This post contains affiliate links, which means I may earn a small commission if you shop through them—at no extra cost to you. I’m partnered with Amazon, Walmart, and other brands through programs like Collective Voice and Mavely. I only share products I truly love or think you’ll find helpful.

🧶 Introduction

I used to think my itchy ears were just a childhood quirk. Not just a little itch—a burning, crawling sensation that started at my earlobes and tunneled deep into my throat. I’d rub and tug until I cried, but no one knew what to make of it. It was chalked up to quirks, not clues.

Now, 47 years later, I’ve finally solved the medical mystery that shaped my entire life. It turns out the symptoms that were dismissed as allergies, asthma, or “just how we are” were actually early signs of three complex, overlapping conditions: Ehlers-Danlos Syndrome (EDS), Sjögren’s Syndrome (SS), and Mast Cell Activation Syndrome (MCAS).

👶 Childhood Clues That Got Missed

EDS: My eardrums didn’t heal after tubes and buttons.
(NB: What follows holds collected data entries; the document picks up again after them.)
(* Normality of the quartic surface {F = 0} in P^3: for a hypersurface
   (Cohen-Macaulay, so S2 holds) normality is equivalent to R1, i.e. to the
   singular locus being finite (a finite set of points of P^3). *)
Definition normal_surface (K : fieldType) (F : {mpoly K[4]}) : Prop :=
  exists s : seq {ffun 'I_4 -> K},
    forall v, sing_pt F v -> exists2 w, w \in s & exists c : K, forall i, v i = c * w i.

Definition pt4 (K : fieldType) (x0 x1 x2 x3 : K) : {ffun 'I_4 -> K} :=
  [ffun i : 'I_4 => nth 0 [:: x0; x1; x2; x3] i].

From HB Require Import structures.
From mathcomp Require Import all_boot all_order all_algebra.
From mathcomp Require Import perm mpoly.
From mathcomp Require Import ring.
Import GRing.Theory.
Local Open Scope ring_scope.
Set Implicit Arguments. Unset Strict Implicit. Unset Printing Implicit Defensive.

(* In characteristic 2 the partial derivatives of F at v are the values at the
   coordinates of v of a single cubic [polar], whose coefficients only depend
   on the elementary symmetric values s1, s2, s3 of v. If the four coordinates
   were distinct, this cubic would vanish identically, forcing a4 = 0 and
   a3 s1 = 0. When moreover a3 = 0 or beta = 0, the surface is singular along
   a curve (s1 = s2 = 0, resp. s1 = s3 = 0), which a normal surface is not;
   otherwise s1 = s2 = s3 = 0, so all coordinates have the same fourth power
   and, Frobenius being injective, coincide. Each listed point has a repeated
   coordinate, and for a point (u, u, x, y) the singularity conditions are
   explicit polynomial conditions in u, x, y, which specialize to the stated
   ones. *)

Lemma mderiv_sqr_pchar2 n (R : comNzRingType) (i : 'I_n) (p : {mpoly R[n]}) :
  2 \in [pchar R] -> (p ^+ 2)^`M(i) = 0.
Proof.
move=> char2; rewrite mderivM [p * _]mulrC -mulr2n -mulr_natr -mpolyC_nat.
by rewrite (pcharf0 char2) mpolyC0 mulr0.
Qed.

Lemma meval_msym n (R : comNzRingType) (s : 'S_n) (p : {mpoly R[n]}) v :
  (msym s p).@[v] = p.@[fun i => v (s i)].
Proof.
rewrite [RHS]mevalE /msym /mmap raddf_sum; apply: eq_bigr => m _.
rewrite /= mevalM mevalC /mmap1 rmorph_prod; congr (_ * _).
by apply: eq_bigr => i _; rewrite rmorphXn /= mevalXU.
Qed.

Lemma Poly_coef_eq0 (R : idomainType) (s rs : seq R) :
  uniq rs -> (size s <= size rs)%N -> all (root (Poly s)) rs -> forall i, s`_i = 0.
Proof.
move=> urs le_s_rs rootsP i; rewrite -coef_Poly.
have [->|nz_p] := eqVneq (Poly s) 0; first by rewrite coef0.
have := max_poly_roots nz_p rootsP urs.
by rewrite ltnNge (leq_trans (size_Poly s) le_s_rs).
Qed.

Lemma closed_field_infinite (K : closedFieldType) (s : seq K) : exists t, t \notin s.
Proof.
pose p := (\prod_(a <- s) ('X - a%:P)) * 'X + 1.
have : size p != 1 by rewrite size_MXaddC oner_eq0 andbF size_prod_XsubC.
case/closed_rootP => t; rewrite /root hornerMXaddC => /eqP pt0; exists t.
apply/negP; rewrite -root_prod_XsubC => /rootP ps0.
by move: pt0; rewrite ps0 mul0r add0r => /eqP; rewrite oner_eq0.
Qed.

Section Pchar2.
Variable R : idomainType.
Hypothesis char2 : 2 \in [pchar R].
Implicit Types x y w : R.

Lemma eq_pchar2 x y w : x = y + w *+ 2 -> x = y.
Proof. by rewrite mulrn_pchar // addr0. Qed.

Lemma addr_eq0_pchar2 x y : (x + y == 0) = (x == y).
Proof. by rewrite addr_eq0 oppr_pchar2. Qed.

Lemma sqrf_inj_pchar2 x y : x ^+ 2 = y ^+ 2 -> x = y.
Proof.
move=> sqr_xy; apply/eqP; rewrite -addr_eq0_pchar2 -sqrf_eq0 sqrrD.
by rewrite sqr_xy mulrn_pchar // addr0 addrr_pchar2.
Qed.

Lemma expr4_inj_pchar2 x y : x ^+ 4 = y ^+ 4 -> x = y.
Proof. by rewrite -[4%N]/(2 * 2)%N !exprM => /sqrf_inj_pchar2/sqrf_inj_pchar2; apply. Qed.
End Pchar2.

Notation ord4 k := (@Ordinal 4 k isT).

Lemma forall_ord4 (P : 'I_4 -> Prop) :
  (forall i, P i) <-> [/\ P (ord4 0), P (ord4 1), P (ord4 2) & P (ord4 3)].
Proof.
split=> [Pi|[P0 P1 P2 P3] [[|[|[|[|//]]]] lt_i4]]; first by split; apply: Pi.
all: by rewrite (bool_irrelevance lt_i4 isT).
Qed.

Section ElementarySymmetric4.
Variable R : comNzRingType.
Local Notation "''s_' k" := (mesym 4 R k) (at level 8, k at level 2, format "''s_' k").
Local Notation "''x_' k" := ('X_(ord4 k) : {mpoly R[4]})
  (at level 8, k at level 2, format "''x_' k").

Lemma mwidenXU n (i : 'I_n) :
  mwiden ('X_i : {mpoly R[n]}) = 'X_(widen_ord (leqnSn n) i).
Proof. by rewrite mwidenX mnmwiden1. Qed.

Lemma mesym4E :
  [/\ 's_1 = 'x_0 + 'x_1 + 'x_2 + 'x_3,
      's_2 = 'x_0 * 'x_1 + 'x_0 * 'x_2 + 'x_0 * 'x_3 + 'x_1 * 'x_2 + 'x_1 * 'x_3 + 'x_2 * 'x_3,
      's_3 = 'x_0 * 'x_1 * 'x_2 + 'x_0 * 'x_1 * 'x_3 + 'x_0 * 'x_2 * 'x_3 + 'x_1 * 'x_2 * 'x_3
    & 's_4 = 'x_0 * 'x_1 * 'x_2 * 'x_3].
Proof.
have e0 : widen_ord (leqnSn 3) (widen_ord (leqnSn 2) (widen_ord (leqnSn 1) ord_max))
  = ord4 0 by exact: val_inj.
have e1 : widen_ord (leqnSn 3) (widen_ord (leqnSn 2) ord_max) = ord4 1 by exact: val_inj.
have e2 : widen_ord (leqnSn 3) ord_max = ord4 2 by exact: val_inj.
have e3 : ord_max = ord4 3 by exact: val_inj.
split.
- rewrite mesym1E !big_ord_recr big_ord0 /= add0r.
  by congr (_ + _ + _ + _); congr 'X_ _; apply/val_inj.
- rewrite (mesymSS R 3 1) (mesymSS R 2 1) (mesymSS R 1 1) mesym_geqnE // !mesym1E.
  rewrite !big_ord_recr !big_ord0 /= !(mwiden0, mwidenD, mwidenM, mwidenXU, add0r, mul0r).
  by rewrite e0 e1 e2 e3; ring.
- rewrite (mesymSS R 3 2) (mesymSS R 2 2) (mesymSS R 2 1) (mesymSS R 1 1) (mesymSS R 1 2).
  rewrite !mesym1E (@mesym_geqnE 1 R 2) // (@mesym_geqnE 1 R 3) // !big_ord_recr !big_ord0 /=.
  rewrite !(mwiden0, mwidenD, mwidenM, mwidenXU, add0r, mul0r).
  by rewrite e0 e1 e2 e3; ring.
- rewrite mesymnnE !big_ord_recr big_ord0 /= mul1r.
  by congr (_ * _ * _ * _); congr 'X_ _; apply/val_inj.
Qed.

Lemma mderivXU n (i j : 'I_n) : ('X_j : {mpoly R[n]})^`M(i) = (j == i)%:R.
Proof.
rewrite mderivX mnm1E; case: eqP => [->|_]; last by rewrite scale0r.
rewrite (_ : (U_(i) - U_(i) = 0)%MM) ?mpolyX0 ?scale1r //.
by apply/mnmP => k; rewrite mnmBE mnm0E subnn.
Qed.

Lemma mderiv_mesym4 (i : 'I_4) : let x := 'X_i in
  [/\ 's_1^`M(i) = 1, 's_2^`M(i) = 's_1 - x, 's_3^`M(i) = 's_2 - x * ('s_1 - x)
    & 's_4^`M(i) = 's_3 - x * ('s_2 - x * ('s_1 - x))].
Proof.
have [-> -> -> ->] := mesym4E; rewrite !(mderivD, mderivM, mderivXU).
by case: i => [[|[|[|[|//]]]] lt_i4]; rewrite (bool_irrelevance lt_i4 isT) /=; split; ring.
Qed.

Lemma meval_mesym4 (v : 'I_4 -> R) :
  [/\ ('s_1).@[v] = v (ord4 0) + v (ord4 1) + v (ord4 2) + v (ord4 3),
      ('s_2).@[v] = v (ord4 0) * v (ord4 1) + v (ord4 0) * v (ord4 2) + v (ord4 0) * v (ord4 3)
                    + v (ord4 1) * v (ord4 2) + v (ord4 1) * v (ord4 3) + v (ord4 2) * v (ord4 3),
      ('s_3).@[v] = v (ord4 0) * v (ord4 1) * v (ord4 2) + v (ord4 0) * v (ord4 1) * v (ord4 3)
                    + v (ord4 0) * v (ord4 2) * v (ord4 3) + v (ord4 1) * v (ord4 2) * v (ord4 3)
    & ('s_4).@[v] = v (ord4 0) * v (ord4 1) * v (ord4 2) * v (ord4 3)].
Proof. by have [-> -> -> ->] := mesym4E; rewrite !(mevalD, mevalM, mevalXU). Qed.

Lemma mesym4_root (v : 'I_4 -> R) i :
  v i ^+ 4 - ('s_1).@[v] * v i ^+ 3 + ('s_2).@[v] * v i ^+ 2 - ('s_3).@[v] * v i + ('s_4).@[v] = 0.
Proof.
have [-> -> -> ->] := meval_mesym4 v.
by case: i => [[|[|[|[|//]]]] lt_i4]; rewrite (bool_irrelevance lt_i4 isT); ring.
Qed.

Lemma meval_mesym_perm k (s : 'S_4) (v : 'I_4 -> R) :
  ('s_k).@[fun i => v (s i)] = ('s_k).@[v].
Proof. by rewrite -meval_msym (issymP _ (mesym_sym _ _ _)). Qed.
End ElementarySymmetric4.

Lemma normal_surface_avoids_slope (K : closedFieldType) (G : {mpoly K[4]}) :
  normal_surface G ->
  exists t, forall v, sing_pt G v -> v (ord4 0) = 1 -> v (ord4 1) != t.
Proof.
case=> s sing_s.
have [t t_notin] :=
  closed_field_infinite [seq w (ord4 1) / w (ord4 0) | w : {ffun 'I_4 -> K} <- s].
exists t => v /sing_s[w w_s [c vE]] v0; apply: contraNneq t_notin => v1.
have w0 : w (ord4 0) != 0.
  apply: contraTneq isT => w0.
  by move: v0; rewrite vE w0 mulr0 => /eqP; rewrite eq_sym oner_eq0.
apply/mapP; exists w => //; apply: (mulIf w0).
by rewrite divfK // -v1 vE mulrAC -vE v0 mul1r.
Qed.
I was double-jointed, constantly twisting or spraining something, and learned to pop my joints back into place like it was normal. I thought everyone’s body did that.

Sjögren’s: My ears never drained properly. I had uncontrolled asthma, couldn’t cry unless I was angry or yawning, and didn’t sweat—until now during hot flashes.

MCAS: After an infection at three months old, I suddenly became allergic to everything they tested for. It was like my immune system flipped a switch.

Doctors explained it all away: allergies, asthma, family quirks. We don’t cry. We don’t sweat. We’re bendy.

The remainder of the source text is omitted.